United Press International - Ayda Çayır
"Yakın zamanlara kadar erkekler ve kadınlar arasında ağrı çekme ve algılama açısından her hangi bir farklılık olduğunu iddia etmek kuşkuyla karşılanırdı. Fakat artık değil." diyor araştırmanın öncüsü, Bath Üniversitesi'nden psikolog Ed Keogh. araştırmaların çoğu kadınlarla erkekler arasındaki genetik ve hormonal farklılıklara odaklanırken, Keogh sosyal ve psikolojik faktörlerin de rol oynadığını belirttiyor.
Erkekler ağrının duysal yönlerine odaklanırken, kadınlar ağrının emosyonel yönlerine odaklanıyorlar. Bu durum onların ağrı toleranslarını düşürmekle kalmayıp, ağrıyla başa çıkma becerilerini de olumsuz etkiliyor.
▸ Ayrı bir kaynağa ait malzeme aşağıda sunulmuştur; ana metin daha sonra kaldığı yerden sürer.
(* Let $m\ge0$ and $k\ge1$ be integers and $n\ge0$. Then $$\lim_{q\to1}\frac{\sum_{j=0}^{2n}(-1)^jq^{mj}\begin{bmatrix} 2n\\ j\end{bmatrix}_{q^k}}{(q;q^2)_n}=k^n,\qquad \lim_{q\to1}\frac{\sum_{j=0}^{2n+1}(-1)^jq^{mj}\begin{bmatrix} 2n+1\\ j\end{bmatrix}_{q^k}}{(q;q^2)_{n+1}}=mk^n.$$
   Context: $(x;q)_n=\prod_{j=0}^{n-1}(1-q^jx)$. The Gaussian binomial coefficient is $\begin{bmatrix} n\\ j\end{bmatrix}_q=\frac{(q;q)_n}{(q;q)_j(q;q)_{n-j}}$ for $0\le j\le n$, a polynomial in $q$; $\begin{bmatrix} n\\ j\end{bmatrix}_{q^k}$ is this with $q$ replaced by $q^k$. The quotients are rational functions of $q$ and the limits are taken as $q\to1$. *)

From Stdlib Require Import Reals.
Open Scope R_scope.

Fixpoint qpoch (x q : R) (n : nat) : R :=
  match n with
  | O => 1
  | S n' => qpoch x q n' * (1 - q ^ n' * x)
  end.

(* Gaussian binomial [n choose j]_q = (q;q)_n / ((q;q)_j (q;q)_{n-j}),
   as a function of q (agrees with the polynomial for q not a root of unity). *)
Definition qbinom (q : R) (n j : nat) : R :=
  qpoch q q n / (qpoch q q j * qpoch q q (n - j)).

Definition altsum (m k N : nat) (q : R) : R :=
  sum_f_R0 (fun j => (-1) ^ j * q ^ (m * j) * qbinom (q ^ k) N j) N.

From Stdlib Require Import Reals Lra Lia.
Open Scope R_scope.

(* Write p = q^k, z = q^m and S_N(z) = sum_j (-1)^j z^j [N, j]_p.  The two q-Pascal
   rules give S_{N+1}(z) = S_N(pz) - z S_N(z) and S_{N+1}(pz) = S_N(pz) - p^{N+1} z S_N(z),
   hence the three-term recurrence S_{N+2} = (1 - z) S_{N+1} + z (1 - p^{N+1}) S_N.
   Every coefficient 1 - q^i in it is (1 - q) [i]_q, so by induction
   S_{2n} = (1 - q)^n A_n(q) and S_{2n+1} = (1 - q)^{n+1} B_n(q) with A_n, B_n continuous,
   while (q; q^2)_n = (1 - q)^n prod_{i<n} [2i+1]_q.  At q = 1 the recurrences for A_n, B_n
   collapse to A_n(1) = k^n (2n-1)!! and B_n(1) = m k^n (2n+1)!!, and the limits follow by
   continuity. *)

Lemma pow_neq_1 (x : R) (i : nat) : 0 < x -> x <> 1 -> (1 <= i)%nat -> x ^ i <> 1.
Proof.
  intros x_pos x_neq_1 i_pos.
  destruct (Rlt_or_le x 1) as [x_lt_1|x_ge_1].
  - assert (0 <= x ^ i < 1) by (apply pow_lt_1_compat; [lra|lia]). lra.
  - assert (1 < x ^ i) by (apply Rlt_pow_R1; [lra|lia]). lra.
Qed.

Section GaussianBinomial.

Variable p : R.
Hypothesis p_pos : 0 < p.
Hypothesis p_neq_1 : p <> 1.

Lemma qpoch_factor_neq_0 (i : nat) : 1 - p ^ i * p <> 0.
Proof.
  pose proof (pow_neq_1 p (S i) p_pos p_neq_1 ltac:(lia)) as H.
  simpl in H. rewrite Rmult_comm. lra.
Qed.

Lemma qpoch_q_neq_0 (n : nat) : qpoch p p n <> 0.
Proof.
  induction n as [|n IHn]; simpl; [lra|].
  apply Rmult_integral_contrapositive_currified; auto using qpoch_factor_neq_0.
Qed.

Lemma qbinom_n_0 (N : nat) : qbinom p N 0 = 1.
Proof. unfold qbinom. rewrite Nat.sub_0_r. simpl. field. apply qpoch_q_neq_0. Qed.

Lemma qbinom_n_n (N : nat) : qbinom p N N = 1.
Proof. unfold qbinom. rewrite Nat.sub_diag. simpl. field. apply qpoch_q_neq_0. Qed.

(* The second rule is [N+1, j+1] = [N, j+1] + p^(N-j) [N, j], multiplied by p^j
   to avoid truncated subtraction. *)
Lemma qbinom_Pascal (N j : nat) : (j < N)%nat ->
  qbinom p (S N) (S j) = p ^ S j * qbinom p N (S j) + qbinom p N j /\
  p ^ j * qbinom p (S N) (S j) = p ^ j * qbinom p N (S j) + p ^ N * qbinom p N j.
Proof.
  intros j_lt_N.
  destruct (Nat.le_exists_sub (S j) N j_lt_N) as [r [-> _]].
  unfold qbinom.
  replace (S (r + S j) - S j)%nat with (S r) by lia.
  replace (r + S j - S j)%nat with r by lia.
  replace (r + S j - j)%nat with (S r) by lia.
  simpl qpoch.
  pose proof (qpoch_q_neq_0 j). pose proof (qpoch_q_neq_0 r).
  pose proof (qpoch_factor_neq_0 j). pose proof (qpoch_factor_neq_0 r).
  rewrite !pow_add. simpl. split; field; repeat split; auto.
Qed.

Definition qbinomz (N j : nat) : R := if (j <=? N)%nat then qbinom p N j else 0.

Lemma qbinomz_le (N j : nat) : (j <= N)%nat -> qbinomz N j = qbinom p N j.
Proof. intros. unfold qbinomz. destruct (Nat.leb_spec j N); [reflexivity|lia]. Qed.

Lemma qbinomz_gt (N j : nat) : (N < j)%nat -> qbinomz N j = 0.
Proof. intros. unfold qbinomz. destruct (Nat.leb_spec j N); [lia|reflexivity]. Qed.

Lemma qbinomz_n_0 (N : nat) : qbinomz N 0 = 1.
Proof. rewrite qbinomz_le by lia. apply qbinom_n_0. Qed.

Lemma qbinomz_Pascal_l (N j : nat) :
  qbinomz (S N) (S j) = p ^ S j * qbinomz N (S j) + qbinomz N j.
Proof.
  destruct (Compare_dec.lt_eq_lt_dec j N) as [[j_lt_N | ->] | N_lt_j].
  - rewrite !qbinomz_le by lia. apply qbinom_Pascal; assumption.
  - rewrite (qbinomz_gt N (S N)), !qbinomz_le by lia.
    rewrite !qbinom_n_n. ring.
  - rewrite !qbinomz_gt by lia. ring.
Qed.

Lemma qbinomz_Pascal_r (N j : nat) :
  p ^ j * qbinomz (S N) (S j) = p ^ j * qbinomz N (S j) + p ^ N * qbinomz N j.
Proof.
  destruct (Compare_dec.lt_eq_lt_dec j N) as [[j_lt_N | ->] | N_lt_j].
  - rewrite !qbinomz_le by lia. apply qbinom_Pascal; assumption.
  - rewrite (qbinomz_gt N (S N)), !qbinomz_le by lia.
    rewrite !qbinom_n_n. ring.
  - rewrite !qbinomz_gt by lia. ring.
Qed.

Definition altpoly (N : nat) (z : R) : R :=
  sum_f_R0 (fun j => (-1) ^ j * z ^ j * qbinomz N j) N.

Lemma altpoly_extend (N : nat) (z : R) :
  sum_f_R0 (fun j => (-1) ^ j * z ^ j * qbinomz N j) (S N) = altpoly N z.
Proof. simpl. rewrite qbinomz_gt by lia. unfold altpoly. ring. Qed.

Lemma altpoly_S_shift (N : nat) (z : R) :
  altpoly (S N) z =
  1 + sum_f_R0 (fun i => (-1) ^ S i * z ^ S i * qbinomz (S N) (S i)) N.
Proof.
  unfold altpoly. rewrite (decomp_sum _ (S N)) by lia.
  rewrite qbinomz_n_0. simpl Nat.pred. simpl (_ ^ 0). ring.
Qed.

Lemma altpoly_shift (N : nat) (z : R) :
  altpoly N z =
  1 + sum_f_R0 (fun i => (-1) ^ S i * z ^ S i * qbinomz N (S i)) N.
Proof.
  rewrite <- altpoly_extend, (decomp_sum _ (S N)) by lia.
  rewrite qbinomz_n_0. simpl Nat.pred. simpl (_ ^ 0). ring.
Qed.

Lemma altpoly_S_l (N : nat) (z : R) :
  altpoly (S N) z = altpoly N (p * z) - z * altpoly N z.
Proof.
  rewrite altpoly_S_shift, (altpoly_shift N (p * z)).
  transitivity (1 + (sum_f_R0 (fun i => (-1) ^ S i * (p * z) ^ S i * qbinomz N (S i)) N
    + sum_f_R0 (fun i => (-1) ^ i * z ^ i * qbinomz N i * - z) N)).
  - rewrite <- plus_sum. f_equal. apply sum_eq. intros i _.
    rewrite qbinomz_Pascal_l, Rpow_mult_distr. simpl. ring.
  - rewrite <- scal_sum. unfold altpoly. ring.
Qed.

Lemma altpoly_S_r (N : nat) (z : R) :
  altpoly (S N) (p * z) = altpoly N (p * z) - p ^ S N * z * altpoly N z.
Proof.
  rewrite altpoly_S_shift, (altpoly_shift N (p * z)).
  transitivity (1 + (sum_f_R0 (fun i => (-1) ^ S i * (p * z) ^ S i * qbinomz N (S i)) N
    + sum_f_R0 (fun i => (-1) ^ i * z ^ i * qbinomz N i * - (p ^ S N * z)) N)).
  - rewrite <- plus_sum. f_equal. apply sum_eq. intros i _.
    transitivity ((-1) ^ S i * p * z * z ^ i * (p ^ i * qbinomz (S N) (S i))).
    + rewrite Rpow_mult_distr. simpl. ring.
    + rewrite qbinomz_Pascal_r, Rpow_mult_distr. simpl. ring.
  - rewrite <- scal_sum. unfold altpoly. ring.
Qed.

Lemma altpoly_rec (N : nat) (z : R) :
  altpoly (S (S N)) z = (1 - z) * altpoly (S N) z + z * (1 - p ^ S N) * altpoly N z.
Proof.
  rewrite (altpoly_S_l (S N)), altpoly_S_r, (altpoly_S_l N). ring.
Qed.

End GaussianBinomial.

Fixpoint qint (n : nat) (q : R) : R :=
  match n with
  | O => 0
  | S n' => 1 + q * qint n' q
  end.

Lemma qint_spec (n : nat) (q : R) : (1 - q) * qint n q = 1 - q ^ n.
Proof.
  induction n as [|n IHn]; simpl; [ring|].
  transitivity (1 - q + q * ((1 - q) * qint n q)); [ring|].
  rewrite IHn. ring.
Qed.

Lemma qint_1 (n : nat) : qint n 1 = INR n.
Proof. induction n as [|n IHn]; simpl qint; [reflexivity|]. rewrite IHn, S_INR. ring. Qed.

Lemma qint_ge_0 (n : nat) (q : R) : 0 < q -> 0 <= qint n q.
Proof.
  intros q_pos. induction n as [|n IHn]; simpl; [lra|].
  assert (0 <= q * qint n q) by (apply Rmult_le_pos; lra). lra.
Qed.

Lemma qint_S_gt_0 (n : nat) (q : R) : 0 < q -> 0 < qint (S n) q.
Proof.
  intros q_pos. simpl.
  assert (0 <= q * qint n q) by (apply Rmult_le_pos; [lra|apply qint_ge_0; auto]). lra.
Qed.

Lemma continuity_qint (n : nat) : continuity (qint n).
Proof.
  induction n as [|n IHn]; simpl qint.
  - apply continuity_const. intros a b. reflexivity.
  - apply (continuity_plus (fun _ => 1) (fun q => q * qint n q)).
    + apply continuity_const. intros a b. reflexivity.
    + apply (continuity_mult id (qint n)); [apply derivable_continuous, derivable_id|auto].
Qed.

Lemma one_minus_pow_pow (q : R) (k j : nat) : 1 - (q ^ k) ^ j = (1 - q) * qint (k * j) q.
Proof. rewrite qint_spec, pow_mult. reflexivity. Qed.

Fixpoint qoddfact (n : nat) (q : R) : R :=
  match n with
  | O => 1
  | S n' => qoddfact n' q * qint (2 * n' + 1) q
  end.

Lemma qpoch_q_q2 (n : nat) (q : R) : qpoch q (q ^ 2) n = (1 - q) ^ n * qoddfact n q.
Proof.
  induction n as [|n IHn]; [simpl; ring|].
  change (qpoch q (q ^ 2) (S n)) with (qpoch q (q ^ 2) n * (1 - (q ^ 2) ^ n * q)).
  change (qoddfact (S n) q) with (qoddfact n q * qint (2 * n + 1) q).
  rewrite IHn, <- pow_mult, <- tech_pow_Rmult.
  replace (q ^ (2 * n) * q) with (q ^ (2 * n + 1)) by (rewrite pow_add; ring).
  rewrite <- qint_spec. ring.
Qed.

Lemma qoddfact_gt_0 (n : nat) (q : R) : 0 < q -> 0 < qoddfact n q.
Proof.
  intros q_pos. induction n as [|n IHn]; simpl; [lra|].
  apply Rmult_lt_0_compat; [assumption|].
  rewrite Nat.add_1_r. apply qint_S_gt_0. assumption.
Qed.

Lemma continuity_qoddfact (n : nat) : continuity (qoddfact n).
Proof.
  induction n as [|n IHn]; simpl qoddfact.
  - apply continuity_const. intros a b. reflexivity.
  - apply (continuity_mult (qoddfact n)); auto using continuity_qint.
Qed.

(* The pair (A_n(q), B_n(q)) of the sketch above. *)
Fixpoint alt_cofactors (m k n : nat) (q : R) : R * R :=
  match n with
  | O => (1, qint m q)
  | S n' =>
    let a := fst (alt_cofactors m k n' q) in
    let b := snd (alt_cofactors m k n' q) in
    let a' := (1 - q ^ m) * b + q ^ m * qint (k * (2 * n' + 1)) q * a in
    (a', qint m q * a' + q ^ m * qint (k * (2 * n' + 2)) q * b)
  end.

Lemma altpoly_factor (m k n : nat) (q : R) : 0 < q -> q <> 1 -> (1 <= k)%nat ->
  altpoly (q ^ k) (2 * n) (q ^ m) = (1 - q) ^ n * fst (alt_cofactors m k n q) /\
  altpoly (q ^ k) (2 * n + 1) (q ^ m) = (1 - q) ^ (n + 1) * snd (alt_cofactors m k n q).
Proof.
  intros q_pos q_neq_1 k_pos.
  assert (p_pos : 0 < q ^ k) by (apply pow_lt; assumption).
  assert (p_neq_1 : q ^ k <> 1) by (apply pow_neq_1; assumption).
  induction n as [|n [IH_even IH_odd]].
  - unfold altpoly. simpl. rewrite !qbinomz_n_0, (qbinomz_le _ 1 1) by (assumption || lia).
    rewrite qbinom_n_n by assumption.
    split; [ring|]. transitivity ((1 - q) * qint m q); [rewrite qint_spec|]; ring.
  - assert (even : altpoly (q ^ k) (2 * S n) (q ^ m)
                   = (1 - q) ^ S n * fst (alt_cofactors m k (S n) q)).
    { replace (2 * S n)%nat with (S (S (2 * n))) by lia.
      rewrite altpoly_rec by assumption.
      replace (S (2 * n)) with (2 * n + 1)%nat by lia.
      rewrite IH_even, IH_odd, one_minus_pow_pow, Nat.add_1_r. simpl. ring. }
    split; [exact even|].
    replace (2 * S n + 1)%nat with (S (S (2 * n + 1))) by lia.
    rewrite altpoly_rec by assumption.
    replace (S (2 * n + 1)) with (2 * S n)%nat by lia.
    rewrite even, IH_odd, one_minus_pow_pow, <- (qint_spec m q).
    replace (k * (2 * S n))%nat with (k * (2 * n + 2))%nat by lia.
    rewrite !Nat.add_1_r. simpl. ring.
Qed.

Lemma alt_cofactors_1 (m k n : nat) :
  alt_cofactors m k n 1 = (INR k ^ n * qoddfact n 1, INR m * INR k ^ n * qoddfact (S n) 1).
Proof.
  induction n as [|n IHn].
  - simpl. rewrite qint_1. f_equal; ring.
  - simpl alt_cofactors. rewrite IHn. simpl fst; simpl snd.
    change (qoddfact (S (S n)) 1) with (qoddfact (S n) 1 * qint (2 * S n + 1) 1).
    change (qoddfact (S n) 1) with (qoddfact n 1 * qint (2 * n + 1) 1).
    rewrite !qint_1, !pow1, <- !tech_pow_Rmult.
    repeat rewrite ?plus_INR, ?mult_INR, ?S_INR, ?INR_0.
    f_equal; ring.
Qed.

Lemma continuity_alt_cofactors (m k n : nat) :
  continuity (fun q => fst (alt_cofactors m k n q)) /\
  continuity (fun q => snd (alt_cofactors m k n q)).
Proof.
  assert (cont_pow : forall i, continuity (fun q => q ^ i))
    by (intros i; apply derivable_continuous, derivable_pow).
  induction n as [|n [cont_even cont_odd]]; simpl.
  - split; [apply continuity_const; intros a b; reflexivity|apply continuity_qint].
  - assert (cont_even' : continuity (fun q =>
      (1 - q ^ m) * snd (alt_cofactors m k n q)
      + q ^ m * qint (k * (2 * n + 1)) q * fst (alt_cofactors m k n q))).
    { apply continuity_plus; apply continuity_mult; auto.
      - apply continuity_minus; auto. apply continuity_const. intros a b. reflexivity.
      - apply continuity_mult; auto using continuity_qint. }
    split; [exact cont_even'|].
    apply continuity_plus; apply continuity_mult; auto using continuity_qint.
    apply continuity_mult; auto using continuity_qint.
Qed.

Lemma limit1_in_continuity_pt (f h : R -> R) (x r : R) :
  0 < r -> continuity_pt h x ->
  (forall y, y <> x -> R_dist y x < r -> f y = h y) ->
  limit1_in f (fun y => y <> x) (h x) x.
Proof.
  intros r_pos h_cont f_eq eps eps_pos.
  destruct (h_cont eps eps_pos) as [alpha [alpha_pos h_close]].
  exists (Rmin alpha r). split; [apply Rmin_pos; assumption|].
  intros y [y_neq_x y_close].
  pose proof (Rmin_l alpha r). pose proof (Rmin_r alpha r).
  rewrite f_eq by (auto; simpl in y_close; lra).
  apply h_close. split; [split; [constructor|auto]|]. simpl in *. lra.
Qed.

Lemma altsum_altpoly (m k N : nat) (q : R) :
  altsum m k N q = altpoly (q ^ k) N (q ^ m).
Proof.
  unfold altsum, altpoly. apply sum_eq. intros j j_le_N.
  rewrite qbinomz_le, pow_mult by assumption. reflexivity.
Qed.

Lemma R_dist_1_pos (q : R) : R_dist q 1 < 1 -> 0 < q.
Proof. unfold R_dist. intros H. apply Rabs_def2 in H. lra. Qed.

Lemma limit1_in_div_qoddfact (f a : R -> R) (j : nat) : continuity a ->
  (forall q, 0 < q -> q <> 1 -> f q = a q / qoddfact j q) ->
  limit1_in f (fun q => q <> 1) (a 1 / qoddfact j 1) 1.
Proof.
  intros a_cont f_eq.
  apply (limit1_in_continuity_pt f (fun q => a q / qoddfact j q) 1 1 Rlt_0_1).
  - apply continuity_pt_div; [apply a_cont|apply continuity_qoddfact|].
    apply Rgt_not_eq, qoddfact_gt_0. lra.
  - intros q q_neq_1 q_close. apply f_eq; [apply R_dist_1_pos|]; assumption.
Qed.

Theorem theorem2p2 (m k n : nat) (hk : (1 <= k)%nat) :
  limit1_in (fun q => altsum m k (2 * n) q / qpoch q (q ^ 2) n)
            (fun q => q <> 1) (INR k ^ n) 1
  /\
  limit1_in (fun q => altsum m k (2 * n + 1) q / qpoch q (q ^ 2) (n + 1))
            (fun q => q <> 1) (INR m * INR k ^ n) 1.
Proof.
  destruct (continuity_alt_cofactors m k n) as [cont_even cont_odd].
  pose proof (alt_cofactors_1 m k n) as value_at_1.
  assert (qoddfact_1_neq_0 : forall j, qoddfact j 1 <> 0)
    by (intros j; apply Rgt_not_eq, qoddfact_gt_0; lra).
  split.
  - replace (INR k ^ n) with (fst (alt_cofactors m k n 1) / qoddfact n 1)
      by (rewrite value_at_1; cbn [fst snd]; field; auto).
    apply (limit1_in_div_qoddfact _ (fun q => fst (alt_cofactors m k n q)) n cont_even).
    intros q q_pos q_neq_1.
    destruct (altpoly_factor m k n q q_pos q_neq_1 hk) as [even _].
    pose proof (qoddfact_gt_0 n q q_pos).
    rewrite altsum_altpoly, even, qpoch_q_q2. field.
    split; [lra|apply pow_nonzero; lra].
  - replace (INR m * INR k ^ n) with (snd (alt_cofactors m k n 1) / qoddfact (S n) 1)
      by (rewrite value_at_1; cbn [fst snd]; field; auto).
    apply (limit1_in_div_qoddfact _ (fun q => snd (alt_cofactors m k n q)) (S n) cont_odd).
    intros q q_pos q_neq_1.
    destruct (altpoly_factor m k n q q_pos q_neq_1 hk) as [_ odd].
    pose proof (qoddfact_gt_0 (S n) q q_pos).
    rewrite altsum_altpoly, odd, qpoch_q_q2, Nat.add_1_r. field.
    split; [lra|apply pow_nonzero; lra].
Qed.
Araştırma bulguları 50 kadın ve erkek üzerinde gerçekleştirilen bir dizi ağrı testine dayandırıldı. Gönüllülerden iki dakika süreyle kollarını önce ılık su dolu bir kaba, sonrasında dayanabildikleri kadar buzlu suya sokmaları istendi. Kadınlar erkeklerden çok daha fazla ağrı hissettiler ve çok daha çabuk pes ettiler.
Araştırma lideri Ed Keogh'un bu konudaki görüşleri şöyle: "Erkekler tarafından kullanılan duysal-odaklı stratejiler ağrı eşiklerini ve ağrı toleranslarını arttırmalarına yardımcı oldu. Oysa kadınlarda bu strateji pek fayda sağlamadı. Ağrının duygusal yönlerine odaklanan kadınlar ağrıyla ilişkilendirdikleri duygular negatif olduğu için, daha fazla ağrı hissediyor olabilirler.
Giderek daha fazla bulgu erkeklere kıyasla kadınların yaşamları boyunca daha fazla sayıda ağrı epizodu yaşadığını düşündürüyor. Kadınların ağrı bildirim eşikleri ise daha düşük."